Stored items
%%
(* Let $\Theta$ be a set, let $\ell:\Theta\to\mathbb{R}$ and $R:\Theta\to\mathbb{R}$ be real-valued functions, let $B\ge 1$ be an integer, let $\theta^{(0)},\dots,\theta^{(B)}\in\Theta$ and let $\mu^{(0)},\dots,\mu^{(B)}$ be real numbers. Suppose that for all $k=0,\dots,B-1$, \[ \ell(\theta^{(k+1)}) + \mu^{(k+1)} R(\theta^{(k+1)}) \le \ell(\theta^{(k)}) + \mu^{(k+1)} R(\theta^{(k)}) \quad\text{and}\quad \mu^{(k+1)} > \mu^{(k)}. \] Define \begin{align*} \mathcal{K}_> &= \{k \in \{0,\dots,B-1\}: \ \ell(\theta^{(k+1)}) + \mu^{(k)} R(\theta^{(k+1)})\ge \ell(\theta^{(k)}) + \mu^{(k)} R(\theta^{(k)})\}, \\ \mathcal{K}_< &= \{0,\dots,B-1\} \setminus \mathcal{K}_>,\\ S_> &= \sum_{k \in \mathcal{K}_>} \mu^{(k+1)} \big(R(\theta^{(k)}) - R(\theta^{(k+1)})\big), \\ S_< &= \sum_{k \in \mathcal{K}_<} \mu^{(k)} \big(R(\theta^{(k)}) - R(\theta^{(k+1)})\big). \end{align*} Then \[ \ell(\theta^{(B)}) \le \ell(\theta^{(0)}) + S_> + S_<. \]
   Context: Here $\ell$ plays the role of an empirical risk and $R$ a (one-dimensional) regularization loss of model parameters $\theta$; $\theta^{(k)}$ and $\mu^{(k)}$ are the model parameter and penalty multiplier at iteration $k$ of a training process minimizing the penalized loss $\ell(\theta)+\mu R(\theta)$. *)

From HB Require Import structures.
From mathcomp Require Import all_boot all_order all_algebra.
From mathcomp Require Import reals.
Set Implicit Arguments. Unset Strict Implicit. Unset Printing Implicit Defensive.
Import Order.TTheory GRing.Theory Num.Theory.
Local Open Scope ring_scope.

From HB Require Import structures.
From mathcomp Require Import all_boot all_order all_algebra.
From mathcomp Require Import reals.
Set Implicit Arguments.
Unset Strict Implicit.
Unset Printing Implicit Defensive.

Import Order.TTheory GRing.Theory Num.Theory.
Local Open Scope ring_scope.

(* On K_> step k decreases the penalized loss with multiplier mu^(k+1) (by
   hypothesis), on K_< it decreases it with multiplier mu^(k) (by definition of
   K_<); either way ell drops by at most that multiplier times
   R(theta^(k)) - R(theta^(k+1)), and summing these one-step bounds telescopes. *)

Section Telescope.

Variable R : numDomainType.

Lemma ler_telescope (f c : nat -> R) (n : nat) :
  (forall k, (k < n)%N -> f k.+1 <= f k + c k) ->
  f n <= f 0%N + \sum_(0 <= k < n) c k.
Proof.
move=> step; rewrite -lerBlDl -(telescope_sumr _ (leq0n n)).
by apply: ler_sum_nat => k /andP[_ lt_kn]; rewrite lerBlDl step.
Qed.

Lemma ler_telescope_split (f c d : nat -> R) (P : pred nat) (n : nat) :
  (forall k, (k < n)%N -> f k.+1 <= f k + (if P k then c k else d k)) ->
  f n <= f 0%N + \sum_(0 <= k < n | P k) c k + \sum_(0 <= k < n | ~~ P k) d k.
Proof.
rewrite -addrA.
have -> : \sum_(0 <= k < n | P k) c k + \sum_(0 <= k < n | ~~ P k) d k
    = \sum_(0 <= k < n) (if P k then c k else d k) by rewrite big_if.
exact: ler_telescope.
Qed.

Lemma ler_penalized_descent (l l' r r' m : R) :
  l' + m * r' <= l + m * r -> l' <= l + m * (r - r').
Proof. by rewrite mulrBr addrA lerBrDr. Qed.

End Telescope.

Theorem corollary2 (R : realType) (Theta : Type)
  (ell Rg : Theta -> R) (B : nat) (theta : nat -> Theta) (mu : nat -> R) :
  (1 <= B)%N ->
  (forall k : nat, (k < B)%N ->
     ell (theta k.+1) + mu k.+1 * Rg (theta k.+1)
       <= ell (theta k) + mu k.+1 * Rg (theta k)) ->
  (forall k : nat, (k < B)%N -> mu k < mu k.+1) ->
  let Kgt := fun k : nat =>
    ell (theta k.+1) + mu k * Rg (theta k.+1)
      >= ell (theta k) + mu k * Rg (theta k) in
  let Sgt := \sum_(0 <= k < B | Kgt k)
               mu k.+1 * (Rg (theta k) - Rg (theta k.+1)) in
  let Slt := \sum_(0 <= k < B | ~~ Kgt k)
               mu k * (Rg (theta k) - Rg (theta k.+1)) in
  ell (theta B) <= ell (theta 0%N) + Sgt + Slt.
Proof.
move=> _ descent _ /=.
apply: (@ler_telescope_split _ (ell \o theta)) => k lt_kB /=.
case: ifPn => [_ | not_Kgt]; apply: ler_penalized_descent; first exact: descent.
by apply: ltW; rewrite ltNge.
Qed.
%%
> WHAT IS EXPECTED: Return all lines from the entries that contain the string "Printing".

> SOLUTION:
Set Implicit Arguments. Unset Strict Implicit. Unset Printing Implicit Defensive.
Unset Printing Implicit Defensive.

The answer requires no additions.